The Kentucky Historical Society

Images are for educational purposes only and should not be reproduced.
The Kentucky Library & Museum
Detail view of Tumbling Blocks:

VAM galleries including this work:
The Kentucky Library and Museum | Do You See a Pattern? || VAM Home

Margaret Younglove Calvert (Kentucky, 1829-1920)

TUMBLING BLOCKS (CROSS VARIATION) QUILT, 1850-1870

Piecework; 72" X 77"

4031

Kentucky Library and Museum, Western Kentucky University

This quilt is organized around the Baby Blocks pattern. It is significant both because of its visual beauty and because of its historical connection to the novel Aunt Jane of Kentucky.

The basic unit of the design is a hexagon divided into three diamonds. Individual blocks create a variety of optical effects, depending upon how the pieces are assembled. Common variations include Cubework, Disappearing Blocks, Golden Cubes, and Stair Steps. The Tumbling Blocks quilt uses Baby Blocks to create a cross that floats in front of a field that resembles an hourglass. The arrangement and contrast of light and dark quilt pieces create an amazing dimensional illusion. Quilt historian Jonathan Holstein has described Calvert’s use of color as “tough and painterly.”

About the Artist

Margaret Younglove Calvert, wife of Bowling Green lawyer Thomas Calvert (1826-1898) and mother of five children, is credited with making Tumbling Blocks. She may also have been the inspiration for the novel Aunt Jane of Kentucky, which her daughter Lida Calvert Obenchain (1856-1935) wrote under the pseudonym Eliza Calvert Hall. In the book, quilts help explain Aunt Jane’s philosophy of life; they represent history, autobiography, imagination, and memory—monuments to ordinary women’s lives and unheralded “women’s work.” A quilt also symbolizes the challenge of living and the role of faith. “The Lord sends us the pieces,” Aunt Jane observes, “but we can cut ’em out and put ’em together pretty much to suit ourselves.”

Classroom Ideas

Discussion: How has the artist created the illusion of three-dimensionality in this quilt? How is color used to make certain parts of the quilt stand out? What shapes are repeated in the quilt? What is the main focus of the quilt? What makes it the main focus?

Activity: Make your own 3D design pattern by drawing geometric shapes. Then color in your design.
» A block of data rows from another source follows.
Lemma hard_case_eigenvalue lam z :
  QEP_minimizer A C b lam z -> (b0 A C b)^T *m z = 0 -> eigenvalue H lam.
Proof.
move=> [z_feas _] b0z; have [y z_eq] := kermx_S1 (let: And3 _ Cz _ := z_feas in Cz).
rewrite {z}z_eq in z_feas b0z; have [y0] := (QEP_feasible_S1 lam y).1 z_feas.
have b0E := b0_S1; set g := S1^T *m b0 A C b in b0E *.
have gy : g^T *m y = 0.
  by rewrite -b0z b0E [in RHS]trmx_mul -mulmxA (mulmxA S1^T) S1_orth mul1mx.
rewrite /qep_mx mulmxBl -scalemxAl -(mulmxA g) gy mulmx0 scaler0 subr0.
move/(sym_mulmx_sqr_eq0 (shift_sym H_sym lam)) => Hy.
apply/(sym_eigenvalueP _ H_sym); exists y => //.
by apply/eqP; rewrite -subr_eq0 -mul_scalar_mx -mulmxBl Hy.
Qed.

Lemma eigenvalue_PAP lam : eigenvalue H lam -> eigenvalue (PAP A C) lam.
Proof.
move/(sym_eigenvalueP _ H_sym) => [y y0 Hy]; apply/(sym_eigenvalueP _ PAP_sym).
by exists (S1 *m y); rewrite ?mulmx_S1_eq0 // mulmxA PAP_S1 -(mulmxA S1) Hy -scalemxAr.
Qed.

Lemma b0_ortho_PAP_eigenspace lam :
  (forall u : 'cV[R]_(n - m), H *m u = lam *: u -> g0^T *m u = 0) ->
  forall v : 'cV[R]_n, PAP A C *m v = lam *: v -> (b0 A C b)^T *m v = 0.
Proof.
move=> g0_ortho v PAPv; have b0E := b0_S1.
set g := S1^T *m b0 A C b in b0E g0_ortho; rewrite b0E trmx_mul -mulmxA g0_ortho //.
by rewrite mulmxA -trS1_PAP -mulmxA PAPv -scalemxAr.
Qed.

End QepReduction.

Lemma gam_inv_gt0 (R : rcfType) n m (C : 'M[R]_(n, m)) b :
  vnorm (n0 C b) < 1 -> 0 < gam C b ^-2.
Proof.
move=> n0_lt; rewrite invr_gt0 exprn_gt0 // sqrtr_gt0 subr_gt0 expr_lt1 //.
exact: sqrtr_ge0.
Qed.

Theorem theorem2p11 (R : rcfType) (n m : nat)
  (A : 'M[R]_n) (C : 'M[R]_(n, m)) (b : 'cV[R]_m) (S1 : 'M[R]_(n, n - m))
  (lam_s : R) (z_s : 'cV[R]_n) :
  (m < n)%N ->
  A^T = A ->
  \rank C = m ->
  vnorm (n0 C b) < 1 ->
  b0 A C b != 0 ->
  S1^T *m S1 = 1%:M ->
  (S1^T == kermx C)%MS ->
  QEP_minimizer A C b lam_s z_s ->
  (b0 A C b)^T *m z_s = 0 ->
  let H := S1^T *m A *m S1 in
  let g0 := S1^T *m b0 A C b in
  [/\ is_lambda_min H lam_s,
      forall u : 'cV[R]_(n - m), H *m u = lam_s *: u -> g0^T *m u = 0,
      eigenvalue (PAP A C) lam_s &
      forall v : 'cV[R]_n, PAP A C *m v = lam_s *: v -> (b0 A C b)^T *m v = 0].
Proof.
move=> _ symA rankC n0_lt _ S1_orth S1_ker z_min b0z H g0.
have eig_H := hard_case_eigenvalue symA rankC S1_orth S1_ker z_min b0z.
have [lam_min g0_ortho] := qep_lower_bound_spectrum (H_sym S1 symA)
  (gam_inv_gt0 n0_lt) eig_H (QEP_minimizer_le rankC S1_orth S1_ker z_min).
split=> //; first exact: (eigenvalue_PAP symA rankC S1_orth S1_ker eig_H).
exact: (b0_ortho_PAP_eigenspace rankC S1_orth S1_ker g0_ortho).
Qed.
Lemma bracket_eq0 P Q : (bracket P Q == 0) = (P == Q).
Proof.
case: P => [x|]; case: Q => [y|];
  rewrite /bracket /= ?mulr1 ?mul1r ?mulr0 ?mul0r ?subr0 ?sub0r ?oppr_eq0 ?oner_eq0 //.
  by rewrite subr_eq0.
by rewrite eqxx.
Qed.

Lemma bracketC P Q : bracket Q P = - bracket P Q.
Proof. rewrite /bracket; ring. Qed.

End ProjectiveLine.

Section QuadraticCharacter.
Variable F : finFieldType.

(* [card_finNzRing_gt1], restated so that [lia] recognises [#|F|] as the same atom. *)
Lemma card_finField_gt1 : (1 < #|F|)%N.
Proof. exact: card_finNzRing_gt1. Qed.

Lemma expf_card_pred (x : F) : x != 0 -> x ^+ #|F|.-1 = 1.
Proof.
move=> xnz; apply: (mulfI xnz); rewrite -exprS prednK ?expf_card ?mulr1 //.
by have := card_finField_gt1; lia.
Qed.

Lemma finField_prim_root : exists alpha : F, (#|F|.-1).-primitive_root alpha.
Proof.
have /hasP [alpha _ ?] : has (#|F|.-1).-primitive_root (enum (predC1 (0 : F))).
  apply: has_prim_root; rewrite ?enum_uniq -?cardE ?cardC1 //.
  - by have := card_finField_gt1; lia.
  by apply/allP => x; rewrite mem_enum unity_rootE => /expf_card_pred ->.
by exists alpha.
Qed.

Section PrimitiveRoot.
Variable alpha : F.
Hypothesis prim : (#|F|.-1).-primitive_root alpha.

Lemma prim_root_neq0 : alpha != 0.
Proof. by rewrite (prim_root_eq0 prim) -lt0n; have := card_finField_gt1; lia. Qed.

Lemma prim_root_logP (x : F) : x != 0 -> exists i, x = alpha ^+ i.
Proof. by move=> /expf_card_pred /(prim_rootP prim) [i ->]; exists i. Qed.

Lemma nzsq_prim_rootX i : nzsq (alpha ^+ i) = odd #|F|.-1 || ~~ odd i.
Proof.
rewrite /nzsq expf_eq0 (negbTE prim_root_neq0) andbF /=.
have [n_odd|n_even] /= := boolP (odd #|F|.-1).
  apply/existsP; exists (alpha ^+ (i * (#|F|.-1).+1./2)); apply/eqP.
  rewrite -exprM -mulnA (_ : _ * 2 = (#|F|.-1).+1)%N; last by move: n_odd; lia.
  by rewrite mulnS exprD mulnC exprM (prim_expr_order prim) expr1n mulr1.
apply/existsP/idP => [[y /eqP hy]|i_even]; last first.
  by exists (alpha ^+ i./2); rewrite -exprM; apply/eqP; congr (_ ^+ _); lia.
have [|j hj] := prim_root_logP (x := y).
  apply/eqP => y0; move: hy; rewrite y0 expr0n /= => /esym/eqP.
  by rewrite expf_eq0 (negbTE prim_root_neq0) andbF.
move: hy; rewrite hj -exprM => /eqP; rewrite (eq_prim_root_expr prim) => /eqP.
move/(congr1 (modn^~ 2)); rewrite /= !modn_dvdm ?dvdn2 // modnMl modn2.
by case: (odd i).
Qed.

Lemma chi_prim_rootX i : chi (alpha ^+ i) = chi alpha ^+ i.
Proof.
have := nzsq_prim_rootX 1; rewrite expr1 /chi => ->; rewrite nzsq_prim_rootX /=.
by case: (odd _); rewrite ?expr1n // -signr_odd; case: (odd i).
Qed.

Lemma chi_prim_root : odd #|F| -> chi alpha = -1.
Proof.
move=> oddF; rewrite /chi -[alpha]expr1 nzsq_prim_rootX orbF.
by have -> : odd #|F|.-1 = false by move: oddF card_finField_gt1; lia.
Qed.

End PrimitiveRoot.

Lemma chiM (x y : F) : x != 0 -> y != 0 -> chi (x * y) = chi x * chi y.
Proof.
have [alpha prim] := finField_prim_root.
move=> /(prim_root_logP prim) [i ->] /(prim_root_logP prim) [j ->].
by rewrite -exprD !(chi_prim_rootX prim) exprD.
Qed.

Lemma chi_nzsqMl (s x : F) : nzsq s -> chi (s * x) = chi x.
Proof.
move=> hs; have [->|xnz] := eqVneq x 0; first by rewrite mulr0.
by rewrite chiM ?(nzsq_neq0 hs) // [chi s]/chi hs mul1r.
Qed.

Lemma chiV (x : F) : chi x^-1 = chi x.
Proof.
have [->|xnz] := eqVneq x 0; first by rewrite invr0.
have -> : x^-1 = x^-1 ^+ 2 * x by rewrite expr2 -mulrA mulVf ?mulr1.
by rewrite chi_nzsqMl // nzsq_sqr ?invr_eq0.
Qed.

Lemma chi1 : chi (1 : F) = 1.
Proof. by rewrite /chi nzsq1. Qed.

Lemma chi_pm1 (x : F) : (chi x == 1) || (chi x == -1).
Proof. by rewrite /chi; case: nzsq; rewrite eqxx ?orbT. Qed.

Lemma chi_sqr (x : F) : chi x * chi x = 1.
Proof. by rewrite /chi; case: nzsq; rewrite ?mulr1 ?mulrNN ?mulr1. Qed.

Lemma nzsq_chi (x : F) : nzsq x = (chi x == 1).
Proof. by rewrite /chi; case: nzsq => //=; rewrite -subr_eq0 opprK (_ : 1 + 1 = 2%:R) ?pnatr_eq0. Qed.

Lemma nzsqN1 : (#|F| %% 4 = 1)%N -> nzsq (-1 : F).
Proof.
move=> card_mod4; have [alpha prim] := finField_prim_root.
rewrite -(@prim_expr_half _ (#|F|.-1./2) alpha); last 2 first.
- by move: card_mod4 card_finField_gt1; lia.
- by rewrite (_ : _.*2 = #|F|.-1) //; move: card_mod4; lia.
by rewrite nzsq_prim_rootX; move: card_mod4; lia.
Qed.

End QuadraticCharacter.

(** * Ordered triples of points *)

Definition map3 (T U : Type) (f : T -> U) (t : T * T * T) : U * U * U := (f t.1.1, f t.1.2, f t.2).
Definition triple_uniq (T : eqType) (t : T * T * T) :=
  [&& t.1.1 != t.1.2, t.1.2 != t.2 & t.2 != t.1.1].
Definition triple_set (T : finType) (t : T * T * T) : {set T} := [set t.1.1; t.1.2; t.2].

Lemma map3_inj (T U : Type) (f : T -> U) : injective f -> injective (map3 f).
Proof. by move=> f_inj [[a b] c] [[a' b'] c'] [/f_inj -> /f_inj -> /f_inj ->]. Qed.

Lemma triple_uniq_map3 (T U : eqType) (f : T -> U) (t : T * T * T) :
  injective f -> triple_uniq (map3 f t) = triple_uniq t.
Proof. by move=> f_inj; rewrite /triple_uniq /= !(inj_eq f_inj). Qed.

Section FiniteTriples.
Variables T U : finType.
Implicit Types (t : T * T * T) (A : {set T}).

Lemma triple_set_map3 (f : T -> U) t : triple_set (map3 f t) = f @: triple_set t.
Proof. by rewrite /triple_set /= ?imsetU1 ?imsetU !imset_set1. Qed.

Lemma card_triple_set t : triple_uniq t -> #|triple_set t| = 3%N.
Proof.
case/and3P => h1 h2 h3.
have -> : triple_set t = t.1.1 |: (t.1.2 |: [set t.2]) by apply/setP => x; rewrite !inE orbA.
by rewrite !cardsU1 cards1 !inE negb_or h1 h2 eq_sym h3.
Qed.

Lemma card3_triple_set A : #|A| = 3%N -> exists2 t, triple_uniq t & A = triple_set t.
Proof.
move=> A3; have := enum_uniq A; have := cardE A; rewrite A3.
case: (enum A) (set_enum A) => [|a [|b [|c [|]]]] // <- _.
rewrite /= !inE !andbT negb_or => /andP [/andP [hab hac] hbc].
exists (a, b, c); first by rewrite /triple_uniq /= hab hbc eq_sym hac.
by apply/setP => x; rewrite !inE /= orbA.
Qed.

Lemma triple_set_sub_imset (f : U -> T) t :
  triple_set t \subset f @: setT -> exists u, t = map3 f u.
Proof.
case: t => [[a b] c] /subsetP sub.
have /imsetP [x _ ->] : a \in f @: setT by apply: sub; rewrite !inE eqxx.
have /imsetP [y _ ->] : b \in f @: setT by apply: sub; rewrite !inE eqxx orbT.
have /imsetP [z _ ->] : c \in f @: setT by apply: sub; rewrite !inE eqxx orbT.
by exists (x, y, z).
Qed.

End FiniteTriples.

Notation triple F := (option F * option F * option F)%type.

Notation triple_map m := (map3 (psl_map m)).

Section Triples.
Variable F : finFieldType.
Implicit Types (t : triple F) (m : F * F * F * F).

Definition bracket3 t : F := bracket t.1.1 t.1.2 * bracket t.1.2 t.2 * bracket t.2 t.1.1.
Definition triple_class t : int := chi (bracket3 t).
Definition dilation (r : F) : F * F * F * F := (r, 0, 0, 1).

Lemma mdet_dilation r : mdet (dilation r) = r.
Proof. by rewrite /= mulr1 mulr0 subr0. Qed.

Lemma bracket3_neq0 t : triple_uniq t -> bracket3 t != 0.
Proof. by case/and3P => h1 h2 h3; rewrite !mulf_eq0 !bracket_eq0 (negbTE h1) (negbTE h2) (negbTE h3). Qed.

Lemma bracket3_map m t : mdet m != 0 -> bracket3 (triple_map m t) =
  (psl_scale m t.1.1 * psl_scale m t.1.2 * psl_scale m t.2 * mdet m) ^+ 2 * (mdet m * bracket3 t).
Proof. by move=> hm; rewrite /bracket3 !bracket_map //; ring. Qed.

Lemma triple_class_mapZ m t : mdet m != 0 -> triple_class (triple_map m t) = chi (mdet m * bracket3 t).
Proof. by move=> hm; rewrite /triple_class bracket3_map // chi_nzsqMl // nzsq_sqr // !mulf_neq0 ?psl_scale_neq0. Qed.

Lemma triple_class_map m t : nzsq (mdet m) -> triple_class (triple_map m t) = triple_class t.
Proof. by move=> hm; rewrite triple_class_mapZ ?nzsq_neq0 // chi_nzsqMl. Qed.

Lemma triple_class_dilation r t : r != 0 -> triple_uniq t ->
  triple_class (triple_map (dilation r) t) = chi r * triple_class t.
Proof. by move=> rnz ht; rewrite triple_class_mapZ mdet_dilation // chiM ?bracket3_neq0. Qed.

Lemma triple_map_mul m n t : mdet n != 0 -> triple_map m (triple_map n t) = triple_map (mmul m n) t.
Proof. by move=> hn; rewrite /map3 /= !psl_map_mul. Qed.

Lemma triple_map_inj m : mdet m != 0 -> injective (triple_map m).
Proof. by move/psl_map_inj/map3_inj. Qed.

Lemma triple_uniq_map m t : mdet m != 0 -> triple_uniq (triple_map m t) = triple_uniq t.
Proof. by move/psl_map_inj/triple_uniq_map3. Qed.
Note: The Kentucky Library and Museum offers a “Quilting and Education Guide” that provides historical information and activities for students and teachers.

Links

Information about Eliza Calvert Hall and excerpts from her novel Aunt Jane of Kentucky can be seen on the Western Kentucky University web site. The pages also include a detail from the quilt.
[www.wku.edu/Library/onlinexh/lco/]
[www.wku.edu/Library/onlinexh/lco/quilt.htm]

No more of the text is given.